Lemma norm_meval_expR_expR_ge n (P : mpoly.mpoly n R) (p : 'I_n -> R) (c L u : R) :
  (forall i, 1 <= p i) -> P != 0 -> mpoly.mcoeff (@mpoly.mnm0 n) P = 0 -> 0 <= c ->
  (forall m, m \in mpoly.msupp P -> c <= `|mpoly.mcoeff m P|) ->
  (\sum_(m <- mpoly.msupp P) `|mpoly.mcoeff m P|) * expR (- L) <= c / 2 ->
  (forall m, m \in mpoly.msupp P -> forall m', m' \in mpoly.msupp P -> m != m' ->
    L <= `|mnm_expsum p m u - mnm_expsum p m' u|) ->
  0 <= u ->
  c / 2 * expR (expR u) <= `|mpoly.meval (fun i => expR (expR (p i * u))) P|.
Proof.
move=> p_ge1 P_neq0 P0 c_ge0 c_le SL sep u_ge0.
have supp_neq0 : mpoly.msupp P != [::] by rewrite mpoly.msupp_eq0.
have [ms msP ms_max] := seq_argmax (fun m => mnm_expsum p m u) supp_neq0.
have gap : forall m, m \in mpoly.msupp P -> m != ms ->
    mnm_expsum p m u + L <= mnm_expsum p ms u.
  move=> m mP mms; have := sep ms msP m mP; rewrite eq_sym mms => /(_ isT).
  by have := ms_max m mP; rewrite /= => ms_ge; rewrite ger0_norm ?subr_ge0 //; lra.
rewrite meval_expR_expR.
apply: le_trans _
  (dominant_expR_term (fun m => mpoly.mcoeff m P) (mpoly.msupp_uniq P) msP gap).
apply: le_trans (_ : c / 2 * expR (mnm_expsum p ms u) <= _); last first.
  by rewrite ler_wpM2r ?expR_ge0 //=; have := c_le ms msP; lra.
rewrite ler_wpM2l ?divr_ge0 // ler_expR.
have [m0 m0P] : exists m0, m0 \in mpoly.msupp P.
  by case: (mpoly.msupp P) supp_neq0 => [//|m0 s _]; exists m0; exact: mem_head.
have [k m0k] := msupp_mnm_neq0 P0 m0P.
by apply: le_trans (expR_le_mnm_expsum p_ge1 m0k u_ge0) _; exact: ms_max.
Qed.

Lemma meval_expR_expR_near_pinfty n (P : mpoly.mpoly n R) (p : 'I_n -> R) :
  injective p -> (forall i, 1 <= p i) -> P != 0 ->
  mpoly.mcoeff (@mpoly.mnm0 n) P = 0 ->
  \forall u \near +oo, expR u ^+ 2 <= `|mpoly.meval (fun i => expR (expR (p i * u))) P|.
Proof.
move=> p_inj p_ge1 P_neq0 P0.
have [c c_gt0 c_le] : exists2 c, 0 < c &
    forall m, m \in mpoly.msupp P -> c <= `|mpoly.mcoeff m P|.
  by apply: seq_pos_lower_bound => m; rewrite mpoly.mcoeff_msupp normr_gt0.
set S := \sum_(m <- mpoly.msupp P) `|mpoly.mcoeff m P|.
have S_ge0 : 0 <= S by rewrite sumr_ge0.
set L := 2 * S / c.
have SL : S * expR (- L) <= c / 2.
  rewrite expRN ler_pdivrMr ?expR_gt0 //.
  have eL : c / 2 * (1 + L) = c / 2 + S by rewrite /L; field; rewrite gt_eqF.
  have := expR_ge1Dx L; have : 0 <= c / 2 by rewrite divr_ge0 ?ltW.
  nra.
have sep : \forall u \near +oo, forall m, m \in mpoly.msupp P ->
    forall m', m' \in mpoly.msupp P -> m != m' ->
    L <= `|mnm_expsum p m u - mnm_expsum p m' u|.
  apply: near_all_seq => m _; apply: near_all_seq => m' _.
  have [<-|mm'] := eqVneq m m'; first by apply: nearW => u /eqP.
  by near=> u => _; near: u; exact: mnm_expsum_sep_near_pinfty.
near=> u.
have u_ge : maxr 0 (6 / (c / 2)) <= u by near: u; apply: nbhs_pinfty_ge; exact: num_real.
move: u_ge; rewrite ge_max => /andP[u_ge0 u_big].
have sep_u : forall m, m \in mpoly.msupp P -> forall m', m' \in mpoly.msupp P ->
    m != m' -> L <= `|mnm_expsum p m u - mnm_expsum p m' u|.
  by near: u; exact: sep.
apply: le_trans _ (norm_meval_expR_expR_ge p_ge1 P_neq0 P0 (ltW c_gt0) c_le SL sep_u u_ge0).
by apply: sqr_le_expR; rewrite ?divr_gt0 ?expR_ge0 //; exact: le_trans (expR_ge_id u).
Unshelve. all: by end_near.
Qed.

End ExpExpPolynomials.

Section InversePowers.
Variable R : realType.

(* [expR_invpow q t = exp (t ^ -q)] for [t > 0]. *)
Definition expR_invpow (q t : R) : R := expR (expR (q * - ln t)).

Definition poly_expR_invpow n (P : mpoly.mpoly n R) (q : 'I_n -> R) (t : R) : R :=
  mpoly.meval (fun i => expR_invpow (q i) t) P.

Lemma measurable_expR_invpow q : measurable_fun [set: R] (expR_invpow q).
Proof.
apply: measurableT_comp; first exact: measurable_expR.
apply: measurableT_comp; first exact: measurable_expR.
apply: measurableT_comp; first exact: mulrl_measurable.
apply: measurableT_comp; first exact: oppr_measurable.
exact: measurable_ln.
Qed.

Lemma measurable_poly_expR_invpow n (P : mpoly.mpoly n R) q :
  measurable_fun [set: R] (poly_expR_invpow P q).
Proof.
rewrite (_ : poly_expR_invpow P q = fun t => \sum_(m <- mpoly.msupp P)
    mpoly.mcoeff m P * \prod_i expR_invpow (q i) t ^+ mpoly.fun_of_multinom m i).
  apply: measurable_sum => m; apply: measurable_funM; first exact: measurable_cst.
  by apply: measurable_prod => i _; apply: measurable_funX; exact: measurable_expR_invpow.
by apply/funext => t; rewrite /poly_expR_invpow mpoly.mevalE.
Qed.

Lemma expR_invpow_inj (t : R) : 0 < t < 1 -> injective (expR_invpow ^~ t).
Proof.
move=> /andP[t_gt0 t_lt1] q q' /expR_inj/expR_inj/mulIf; apply.
by rewrite oppr_eq0 ln_eq0 ?posrE // lt_eqF.
Qed.

Lemma poly_expR_invpow_blowup n (P : mpoly.mpoly n R) (q : 'I_n -> R) :
  injective q -> (forall i, 1 <= q i) -> P != 0 ->
  mpoly.mcoeff (@mpoly.mnm0 n) P = 0 ->
  exists2 d0, 0 < d0 & forall t, 0 < t -> t <= d0 -> t^-1 ^+ 2 <= `|poly_expR_invpow P q t|.
Proof.
move=> q_inj q_ge1 P_neq0 P0.
have [U [_ U_large]] := meval_expR_expR_near_pinfty q_inj q_ge1 P_neq0 P0.
exists (expR (- (U + 1))); first exact: expR_gt0.
move=> t t_gt0 t_le; have tpos : t \in Num.pos by rewrite posrE.
have : U < - ln t.
  have : ln t <= - (U + 1) by rewrite -ler_expR lnK.
  lra.
by move/U_large; rewrite expRN lnK.
Qed.

End InversePowers.

Section ZeroOn.
Variable R : realType.
Local Notation mu := (@lebesgue_measure R).
Local Notation I01 := (`[(0:R), 1]%classic : set R).

Definition zero_on (M : set R) (f : R -> R) (t : R) : R := \1_(~` M) t * f t.

Lemma zero_on_out (M : set R) f t : ~ M t -> zero_on M f t = f t.
Proof. by move=> Mt; rewrite /zero_on indicE mem_set // mul1r. Qed.

Lemma zero_on_in (M : set R) f t : M t -> zero_on M f t = 0.
Proof. by move=> Mt; rewrite /zero_on indicE memNset ?mul0r. Qed.

Lemma measurable_zero_on (M : set R) f D : measurable M ->
  measurable_fun [set: R] f -> measurable_fun D (zero_on M f).
Proof.
move=> mM mf; apply: (measurable_funS (E := [set: R])) => //.
by apply: measurable_funM => //; apply: measurable_indic; exact: measurableC.
Qed.

Lemma meval_zero_on n (P : mpoly.mpoly n R) (M : set R) (f : 'I_n -> R -> R) t :
  mpoly.mcoeff (@mpoly.mnm0 n) P = 0 ->
  mpoly.meval (fun i => zero_on M (f i) t) P = zero_on M (fun s => mpoly.meval (f^~ s) P) t.
Proof.
move=> P0; have [Mt|Mt] := pselect (M t); last first.
  by rewrite zero_on_out //; apply: mpoly.meval_eq => i; exact: zero_on_out.
rewrite zero_on_in // mpoly.mevalE big1_seq // => m /andP[_ mP].
have [k mk] := msupp_mnm_neq0 P0 mP.
by rewrite (bigD1 k) //= zero_on_in // expr0n (negbTE mk) mul0r mulr0.
Qed.

Lemma lebesgue_measure_itv_setD_null (M : set R) (e : R) :
  measurable M -> mu M = 0%E -> 0 < e -> mu (`]0, e[ `\` M) = e%:E.
Proof.
move=> mM M0 e_gt0.
have itvE : mu `]0, e[ = e%:E by rewrite lebesgue_measure_itv /= lte_fin e_gt0 sube0.
rewrite measureD //; last by rewrite [X in (X < _)%E](_ : _ = e%:E) ?ltry.
rewrite [X in (_ - X)%E](_ : _ = 0%E) ?sube0 //.
apply/eqP; rewrite eq_le measure_ge0 andbT -M0.
by apply: le_measure; rewrite ?inE //; exact: measurableI.
Qed.

Lemma exists_itv_notin_null (M : set R) : measurable M -> mu M = 0%E ->
  exists t, 0 < t < 1 /\ ~ M t.
Proof.
move=> mM M0; apply: contrapT => /forallNP noM.
have := lebesgue_measure_itv_setD_null mM M0 ltr01.
rewrite (_ : _ `\` _ = set0) ?measure0 => [/eqP|]; first by rewrite eq_sym onee_eq0.
by apply/seteqP; split => // t [t01 Mt]; apply: (noM t); split.
Qed.

Section BlowUp.
Variables (Q : R -> R) (d0 : R) (M : set R).
Hypotheses (mQ : measurable_fun [set: R] Q) (d0_gt0 : 0 < d0)
  (Q_blowup : forall t, 0 < t -> t <= d0 -> t^-1 ^+ 2 <= `|Q t|)
  (mM : measurable M) (M0 : mu M = 0%E).

Lemma zero_on_blowup e t : e <= d0 -> (`]0, e[ `\` M) t -> e^-1 ^+ 2 <= `|zero_on M Q t|.
Proof.
move=> e_le [/= + Mt]; rewrite zero_on_out // in_itv /= => /andP[t_gt0 t_lt].
apply: le_trans (Q_blowup t_gt0 (le_trans (ltW t_lt) e_le)).
have e_gt0 : 0 < e := lt_trans t_gt0 t_lt.
by rewrite lerXn2r ?nnegrE ?invr_ge0 ?ltW // ltf_pV2 ?posrE.
Qed.

Lemma measurable_norm_zero_on : measurable_fun I01 (fun t => (`|zero_on M Q t|)%:E).
Proof.
apply/measurable_EFinP; apply: measurableT_comp; first exact: normr_measurable.
exact: measurable_zero_on.
Qed.

Lemma zero_on_integral_unbounded (F : R) :
  ~ (\int[mu]_(t in I01) (`|zero_on M Q t|)%:E <= F%:E)%E.
Proof.
set e := minr (minr d0 1) ((`|F| + 1)^-1).
have F1_gt0 : 0 < `|F| + 1 by rewrite ltr_wpDl.
have e_gt0 : 0 < e by rewrite !lt_min d0_gt0 ltr01 invr_gt0 F1_gt0.
have e_le_d0 : e <= d0 by rewrite !ge_min lexx.
have e_le1 : e <= 1 by rewrite !ge_min lexx orbT.
have e_leF : e <= (`|F| + 1)^-1 by rewrite ge_min lexx orbT.
move=> int_le.
have mG : measurable (`]0, e[ `\` M) by apply: measurableD => //; exact: measurable_itv.
have GI : `]0, e[ `\` M `<=` I01.
  move=> t [/= + _]; rewrite !in_itv /= => /andP[t_gt0 t_lt].
  by rewrite (ltW t_gt0) (le_trans (ltW t_lt) e_le1).
have restrict_le := ge0_subset_integral mu mG (measurable_itv `[0, 1])
  measurable_norm_zero_on (fun t _ => ltac:(by rewrite lee_fin)) GI.
have cst_le : (\int[mu]_(t in `]0%R, e[ `\` M) (e^-1 ^+ 2)%:E <=
    \int[mu]_(t in `]0%R, e[ `\` M) (`|zero_on M Q t|)%:E)%E.
  apply: ge0_le_integral => //.
  - by move=> t _; rewrite lee_fin exprn_ge0 // invr_ge0 ltW.
  - by apply: measurable_funS measurable_norm_zero_on => //; exact: measurable_itv.
  - by move=> t Gt; rewrite lee_fin; exact: zero_on_blowup.
rewrite integral_cst // [X in (_ * X)%E](_ : _ = e%:E) in cst_le; last first.
  exact: lebesgue_measure_itv_setD_null.
have := le_trans cst_le (le_trans restrict_le int_le).
rewrite -EFinM lee_fin expr2 -mulrA mulVf ?gt_eqF // mulr1.
have : `|F| + 1 <= e^-1 by rewrite -[X in X <= _]invrK lef_pV2 ?posrE ?invr_gt0.
by have := ler_norm F; lra.
Qed.

Lemma zero_on_measure_ge :
  ((minr d0 2^-1)%:E <= mu [set t | I01 t /\ (1 <= `|zero_on M Q t|)%R])%E.
Proof.
set e := minr d0 2^-1.
have e_gt0 : 0 < e by rewrite lt_min d0_gt0 invr_gt0 ltr0n.
have e_le2 : e <= 2^-1 by rewrite ge_min lexx orbT.
have mS : measurable [set t | I01 t /\ 1 <= `|zero_on M Q t|].
  have mf : measurable_fun I01 (fun t => `|zero_on M Q t|).
    by apply: measurableT_comp; [exact: normr_measurable | exact: measurable_zero_on].
  have := mf (measurable_itv `[0, 1]) _ (measurable_itv `[1, +oo[).
  congr measurable; apply/seteqP.
  by split => t /= [It h]; split => //; move: h; rewrite in_itv /= ?andbT.
rewrite -(lebesgue_measure_itv_setD_null mM M0 e_gt0).
apply: le_measure; rewrite ?inE //; first by apply: measurableD => //; exact: measurable_itv.
move=> t Gt; split.
  move: Gt => [/= + _]; rewrite !in_itv /= => /andP[t_gt0 t_lt].
  by rewrite (ltW t_gt0) (le_trans (ltW t_lt)) // (le_trans e_le2) // invf_le1 ?ler1n.
have e_le_d0 : e <= d0 by rewrite ge_min lexx.
apply: le_trans (zero_on_blowup e_le_d0 Gt).
have : 2 <= e^-1 by rewrite -[X in X <= _]invrK lef_pV2 ?posrE ?invr_gt0.
have : 0 <= e^-1 by rewrite invr_ge0 ltW.
nra.
Qed.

◆ **YOUR ASSIGNMENT**
Copy exactly the stretch of data above from the line with "by near=> u" through the line with "apply: measurable_sum =>", and omit all other lines.

◆ **ANSWER TO THIS EXERCISE**
  by near=> u => _; near: u; exact: mnm_expsum_sep_near_pinfty.
near=> u.
have u_ge : maxr 0 (6 / (c / 2)) <= u by near: u; apply: nbhs_pinfty_ge; exact: num_real.
move: u_ge; rewrite ge_max => /andP[u_ge0 u_big].
have sep_u : forall m, m \in mpoly.msupp P -> forall m', m' \in mpoly.msupp P ->
    m != m' -> L <= `|mnm_expsum p m u - mnm_expsum p m' u|.
  by near: u; exact: sep.
apply: le_trans _ (norm_meval_expR_expR_ge p_ge1 P_neq0 P0 (ltW c_gt0) c_le SL sep_u u_ge0).
by apply: sqr_le_expR; rewrite ?divr_gt0 ?expR_ge0 //; exact: le_trans (expR_ge_id u).
Unshelve. all: by end_near.
Qed.

End ExpExpPolynomials.

Section InversePowers.
Variable R : realType.

(* [expR_invpow q t = exp (t ^ -q)] for [t > 0]. *)
Definition expR_invpow (q t : R) : R := expR (expR (q * - ln t)).

Definition poly_expR_invpow n (P : mpoly.mpoly n R) (q : 'I_n -> R) (t : R) : R :=
  mpoly.meval (fun i => expR_invpow (q i) t) P.

Lemma measurable_expR_invpow q : measurable_fun [set: R] (expR_invpow q).
Proof.
apply: measurableT_comp; first exact: measurable_expR.
apply: measurableT_comp; first exact: measurable_expR.
apply: measurableT_comp; first exact: mulrl_measurable.
apply: measurableT_comp; first exact: oppr_measurable.
exact: measurable_ln.
Qed.

Lemma measurable_poly_expR_invpow n (P : mpoly.mpoly n R) q :
  measurable_fun [set: R] (poly_expR_invpow P q).
Proof.
rewrite (_ : poly_expR_invpow P q = fun t => \sum_(m <- mpoly.msupp P)
    mpoly.mcoeff m P * \prod_i expR_invpow (q i) t ^+ mpoly.fun_of_multinom m i).
  apply: measurable_sum => m; apply: measurable_funM; first exact: measurable_cst.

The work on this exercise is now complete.